Exercise instructions.
Stop after the line containing "set (G := fun z => Phi"; retype every line of the data before it exactly, starting from the first.

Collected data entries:
<<<<

(* With m = phi x / Phi x, 1 - x m - m^2 = Phi x^-1 * int_{-oo}^x (z + m)^2 phi z dz is the
   variance of a standard normal conditioned to lie below x. *)
Lemma shifted_inv_mills_deriv_pos (x : R) :
  0 < 1 - x * (phi x / Phi x) - (phi x / Phi x) ^ 2.
Proof.
  set (m := phi x / Phi x).
  set (g := fun z => (z + m) ^ 2 * phi z).
  set (G := fun z => Phi z - z * phi z - 2 * m * phi z + m ^ 2 * Phi z).
  assert (Hg : continuous_everywhere g).
  { apply continuous_everywhere_mult; [| apply phi_continuous].
    apply continuous_everywhere_of_derive. intros u. eexists. auto_derive; auto. }
  assert (HG : forall z, is_derive G z (g z)).
  { intros z. unfold G, g.
    replace ((z + m) ^ 2 * phi z)
      with (phi z - (1 * phi z + z * (- z * phi z)) - 2 * m * (- z * phi z) + m ^ 2 * phi z)
      by ring.
    apply is_derive_Rplus; [apply is_derive_Rminus; [apply is_derive_Rminus |] |].
    - apply Phi_deriv.
    - apply (is_derive_Rmult (fun z => z) phi); [apply (@is_derive_id R_AbsRing) | apply phi_deriv].
    - apply is_derive_scal, phi_deriv.
    - apply is_derive_scal, Phi_deriv. }
  assert (HGlim : is_lim G m_infty 0).
  { replace (Finite 0) with (Finite (0 - 0 - 2 * m * 0 + m ^ 2 * 0)) by (f_equal; ring).
    apply is_lim_plus'; [apply is_lim_minus'; [apply is_lim_minus' |] |].
    - apply is_lim_Phi_m.
    - apply is_lim_id_mult_phi_m.
    - apply (is_lim_scal_l phi (2 * m) m_infty 0), is_lim_phi_m.
    - apply (is_lim_scal_l Phi (m ^ 2) m_infty 0), is_lim_Phi_m. }
  assert (Hpos : 0 < G x - 0).
  { apply (is_RInt_minfty_gt0 g Hg (x - shifted_inv_mills x) x);
      [pose proof (shifted_inv_mills_pos x); lra | | |
       apply (is_RInt_minfty_of_derive g Hg G 0 x HG HGlim)].
    - intros z _. unfold g. pose proof (phi_pos z). pose proof (pow2_ge_0 (z + m)). nra.
    - intros z Hz. unfold g, shifted_inv_mills in *. fold m in Hz.
      apply Rmult_lt_0_compat; [apply pow_lt; lra | apply phi_pos]. }
  pose proof (Phi_pos x).
  replace (1 - x * m - m ^ 2) with ((G x - 0) / Phi x) by (unfold G, m; field; lra).
  apply Rdiv_lt_0_compat; auto.
Qed.

Lemma shifted_inv_mills_lt (a b : R) : a < b -> shifted_inv_mills a < shifted_inv_mills b.
Proof.
  intros H.
  apply (incr_function shifted_inv_mills m_infty p_infty
           (fun x => 1 - x * (phi x / Phi x) - (phi x / Phi x) ^ 2)); simpl; auto.
  - intros; apply shifted_inv_mills_deriv.
  - intros; apply shifted_inv_mills_deriv_pos.
Qed.

(** * The selective posterior *)

Section SelectivePosterior.

Variables sigma t : R.
Hypothesis sigma_pos : 0 < sigma.

Lemma div_sigma_le (u v : R) : u <= v -> u / sigma <= v / sigma.
Proof. intros H. apply Rmult_le_compat_r; [left; apply Rinv_0_lt_compat |]; lra. Qed.

Lemma div_sigma_lt (u v : R) : u < v -> u / sigma < v / sigma.
Proof. intros H. apply Rmult_lt_compat_r; [apply Rinv_0_lt_compat |]; lra. Qed.

Lemma post_kernel_pos (y s : R) : 0 < post_kernel sigma t y s.
Proof. apply Rdiv_lt_0_compat; [apply phi_pos | apply Phi_pos]. Qed.

Lemma post_kernel_continuous (y : R) : continuous_everywhere (post_kernel sigma t y).
Proof.
  apply continuous_everywhere_of_derive. intros s. eexists.
  apply (is_derive_div (fun s => phi ((s - y) / sigma)) (fun s => Phi ((s - t) / sigma))).
  - apply is_derive_comp_affine; [lra | apply phi_deriv].
  - apply is_derive_comp_affine; [lra | apply Phi_deriv].
  - apply Phi_neq0.
Qed.

Lemma post_kernel_tilt (y1 y2 s : R) :
  post_kernel sigma t y2 s = post_kernel sigma t y1 s *
    exp ((y2 - y1) / sigma ^ 2 * s + - (y2 ^ 2 - y1 ^ 2) / (2 * sigma ^ 2)).
Proof.
  unfold post_kernel, sel_prob. rewrite (phi_ratio ((s - y2) / sigma) ((s - y1) / sigma)).
  replace ((((s - y1) / sigma) ^ 2 - ((s - y2) / sigma) ^ 2) / 2)
    with ((y2 - y1) / sigma ^ 2 * s + - (y2 ^ 2 - y1 ^ 2) / (2 * sigma ^ 2)) by (field; lra).
  field. apply Phi_neq0.
Qed.

(* Left of t, Phi ((s - t) / sigma) >= w * phi ((s - y) / sigma + w) with w = (y - t) / (2 sigma),
   so the kernel is O(exp (w s / sigma)). *)
Lemma post_kernel_ex_minfty (y : R) : t < y -> exists l, is_RInt_minfty (post_kernel sigma t y) t l.
Proof.
  intros Hty. set (w := (y - t) / (2 * sigma)).
  assert (Hw : 0 < w) by (apply Rdiv_lt_0_compat; lra).
  destruct (is_RInt_minfty_exp_dominated _ (post_kernel_continuous y) t (/ w) (w / sigma)
              (w ^ 2 / 2 - w * y / sigma)) as [l [Hl _]]; [apply Rdiv_lt_0_compat; lra | | eauto].
  intros s Hs. split; [left; apply post_kernel_pos |].
  unfold post_kernel, sel_prob. set (a := (s - y) / sigma).
  replace ((s - t) / sigma) with (a + 2 * w) by (unfold a, w; field; lra).
  assert (HPhi : w * phi (a + w) <= Phi (a + 2 * w)).
  { replace (a + w) with (a + 2 * w - w) by ring. apply Phi_ge_mult_phi; [| lra].
    replace (a + 2 * w) with ((s - t) / sigma) by (unfold a, w; field; lra).
    replace 0 with (0 / sigma) by (field; lra). apply div_sigma_le. lra. }
  rewrite (phi_ratio a (a + w)).
  replace (((a + w) ^ 2 - a ^ 2) / 2) with (w / sigma * s + (w ^ 2 / 2 - w * y / sigma))
    by (unfold a; field; lra).
  set (E := exp (w / sigma * s + (w ^ 2 / 2 - w * y / sigma))).
  pose proof (exp_pos (w / sigma * s + (w ^ 2 / 2 - w * y / sigma))). fold E in H.
  pose proof (phi_pos (a + w)).
  unfold Rdiv. apply Rle_trans with (phi (a + w) * E * / (w * phi (a + w))).
  - apply Rmult_le_compat_l; [nra |]. apply Rinv_le_contravar; nra.
  - right. field. lra.
Qed.

Lemma post_kernel_ex_pinfty (y : R) : exists l, is_RInt_pinfty (post_kernel sigma t y) t l.
Proof.
  apply (is_RInt_pinfty_exp_dominated _ (post_kernel_continuous y) t (/ Phi 0) (-1 / sigma)
           (y / sigma + 1 / 2)).
  { unfold Rdiv. assert (0 < / sigma) by (apply Rinv_0_lt_compat; lra). lra. }
  intros s Hs. split; [left; apply post_kernel_pos |].
  unfold post_kernel, sel_prob.
  assert (Phi 0 <= Phi ((s - t) / sigma)).
  { apply Phi_le. replace 0 with (0 / sigma) by (field; lra). apply div_sigma_le. lra. }
  pose proof (phi_le_exp_neg_affine ((s - y) / sigma)).
  replace (-1 * ((s - y) / sigma) + 1 / 2) with (-1 / sigma * s + (y / sigma + 1 / 2))
    in H0 by (field; lra).
  pose proof (phi_pos ((s - y) / sigma)). pose proof (Phi_pos 0).
  unfold Rdiv at 1. rewrite Rmult_comm. apply Rmult_le_compat; [| lra | | lra].
  - left. apply Rinv_0_lt_compat, Phi_pos.
  - apply Rinv_le_contravar; lra.
Qed.

Definition post_num (y th : R) : R :=
  RInt_gen (post_kernel sigma t y) (Rbar_locally m_infty) (at_point th).

Definition post_mass (y : R) : R :=
  RInt_gen (post_kernel sigma t y) (Rbar_locally m_infty) (Rbar_locally p_infty).

Lemma sel_post_cdfE (y th : R) : sel_post_cdf sigma t y th = post_num y th / post_mass y.
Proof. reflexivity. Qed.

Lemma post_kernel_integrals (y th : R) : t < y ->
  is_RInt_minfty (post_kernel sigma t y) th (post_num y th) /\
  is_RInt_pinfty (post_kernel sigma t y) th (post_mass y - post_num y th).
Proof.
  intros Hty.
  destruct (post_kernel_ex_minfty y Hty) as [l0 H0].
  destruct (post_kernel_ex_pinfty y) as [l1 H1].
  pose proof (post_kernel_continuous y) as Hc.
  assert (EN : post_num y th = l0 + RInt (post_kernel sigma t y) t th).
  { apply is_RInt_gen_unique, is_RInt_gen_of_minfty; auto. apply is_RInt_minfty_Chasles; auto. }
  assert (ED : post_mass y = l0 + l1).
  { apply is_RInt_gen_unique.
    apply (is_RInt_gen_Chasles _ t l0 l1);
      [apply is_RInt_gen_of_minfty | apply is_RInt_gen_of_pinfty]; auto. }
  split; [rewrite EN; apply is_RInt_minfty_Chasles; auto |].
  replace (post_mass y - post_num y th) with (RInt (post_kernel sigma t y) th t + l1).
  - apply is_RInt_pinfty_Chasles; auto.
  - pose proof (RInt_Chasles_continuous _ Hc th t th). rewrite RInt_point in H.
    unfold zero in H; simpl in H. rewrite ED, EN. lra.
Qed.

Lemma post_mass_gt_num (y th : R) : t < y -> 0 < post_num y th < post_mass y.
Proof.
  intros Hty. destruct (post_kernel_integrals y th Hty) as [HN HM].
  pose proof (post_kernel_continuous y) as Hc.
  assert (Hk : forall s, 0 <= post_kernel sigma t y s) by (intros; left; apply post_kernel_pos).
  split.
  - apply (is_RInt_minfty_gt0 _ Hc (th - 1) th); auto; [lra | intros; apply post_kernel_pos].
  - cut (0 < post_mass y - post_num y th); [lra |].
    apply (is_RInt_pinfty_gt0 _ Hc th (th + 1)); auto; [lra | intros; apply post_kernel_pos].
Qed.

Lemma post_mass_pos (y : R) : t < y -> 0 < post_mass y.
Proof. intros Hty. pose proof (post_mass_gt_num y 0 Hty). lra. Qed.

Lemma sel_post_cdf_lt (y th1 th2 : R) : t < y -> th1 < th2 ->
  sel_post_cdf sigma t y th1 < sel_post_cdf sigma t y th2.
Proof.
  intros Hty Hth. rewrite !sel_post_cdfE.
  pose proof (post_kernel_continuous y) as Hc.
  assert (E : post_num y th2 = post_num y th1 + RInt (post_kernel sigma t y) th1 th2).
  { apply (is_RInt_minfty_unique (post_kernel sigma t y) th2);
      [apply post_kernel_integrals, Hty | apply is_RInt_minfty_Chasles, post_kernel_integrals; auto]. }
  pose proof (RInt_gt0_continuous _ Hc th1 th2 Hth (fun x _ => post_kernel_pos y x)).
  pose proof (post_mass_pos y Hty).
  apply Rmult_lt_compat_r; [apply Rinv_0_lt_compat |]; lra.
Qed.

Lemma sel_post_cdf_decr (y1 y2 th : R) : t < y1 -> y1 < y2 ->
  sel_post_cdf sigma t y2 th < sel_post_cdf sigma t y1 th.
Proof.
  intros Hty1 Hy12. rewrite !sel_post_cdfE.
  destruct (post_kernel_integrals y1 th Hty1) as [HA1 HB1].
  destruct (post_kernel_integrals y2 th) as [HA2 HB2]; [lra |].
  pose proof (post_mass_pos y2 ltac:(lra)).
  replace (post_mass y1) with (post_num y1 th + (post_mass y1 - post_num y1 th)) by ring.
  replace (post_mass y2) with (post_num y2 th + (post_mass y2 - post_num y2 th)) by ring.
  set (c := (y2 - y1) / sigma ^ 2).
  assert (Hc : 0 < c) by (apply Rdiv_lt_0_compat; [lra | apply pow_lt; lra]).
  apply (tilted_cdf_lt (post_kernel sigma t y1)
           (fun s => exp (c * s + - (y2 ^ 2 - y1 ^ 2) / (2 * sigma ^ 2)))
           (post_kernel sigma t y2) th); auto; [apply post_kernel_continuous .. | | | | lra].
  - apply post_kernel_pos.
  - intros x z Hxz. apply exp_increasing. nra.
  - intros s. apply post_kernel_tilt.
Qed.

(* For y >= t this is P_th(Y >= y | S). *)
Definition sel_surv (y th : R) : R := Phi ((th - y) / sigma) / Phi ((th - t) / sigma).

Definition sel_surv_tilt (y s : R) : R :=
  / sigma * (1 - mills ((s - y) / sigma) / mills ((s - t) / sigma)).

Lemma sel_surv_deriv (y s : R) :
  is_derive (sel_surv y) s (post_kernel sigma t y s * sel_surv_tilt y s).
Proof.
  replace (post_kernel sigma t y s * sel_surv_tilt y s) with
    ((phi ((s - y) / sigma) / sigma * Phi ((s - t) / sigma)
      - Phi ((s - y) / sigma) * (phi ((s - t) / sigma) / sigma)) / Phi ((s - t) / sigma) ^ 2).
  - apply (is_derive_div (fun s => Phi ((s - y) / sigma)) (fun s => Phi ((s - t) / sigma)));
      [apply is_derive_comp_affine; [lra | apply Phi_deriv] ..| apply Phi_neq0].
  - unfold post_kernel, sel_prob, sel_surv_tilt, mills. field.
    repeat split; try apply phi_neq0; try apply Phi_neq0; lra.
Qed.

Lemma sel_surv_tilt_deriv (y s : R) :
  is_derive (sel_surv_tilt y) s (/ sigma ^ 2 * (mills ((s - y) / sigma) / mills ((s - t) / sigma))
    * (shifted_inv_mills ((s - t) / sigma) - shifted_inv_mills ((s - y) / sigma))).
Proof.
  set (a := (s - y) / sigma). set (b := (s - t) / sigma).
  pose proof (mills_pos b).
  replace (/ sigma ^ 2 * (mills a / mills b) * (shifted_inv_mills b - shifted_inv_mills a))
    with (/ sigma * (0 - ((1 + a * mills a) / sigma * mills b
                          - mills a * ((1 + b * mills b) / sigma)) / mills b ^ 2)).
  - apply is_derive_scal, is_derive_Rminus; [apply (@is_derive_const R_AbsRing R_NormedModule) |].
    apply (is_derive_div (fun s => mills ((s - y) / sigma)) (fun s => mills ((s - t) / sigma)));
      [apply is_derive_comp_affine; [lra | apply mills_deriv] .. | apply Rgt_not_eq, mills_pos].
  - rewrite <- !shifted_inv_mills_mult_mills. field. lra.
Qed.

>>>>

Written solution.
(* With m = phi x / Phi x, 1 - x m - m^2 = Phi x^-1 * int_{-oo}^x (z + m)^2 phi z dz is the
   variance of a standard normal conditioned to lie below x. *)
Lemma shifted_inv_mills_deriv_pos (x : R) :
  0 < 1 - x * (phi x / Phi x) - (phi x / Phi x) ^ 2.
Proof.
  set (m := phi x / Phi x).
  set (g := fun z => (z + m) ^ 2 * phi z).
  set (G := fun z => Phi z - z * phi z - 2 * m * phi z + m ^ 2 * Phi z).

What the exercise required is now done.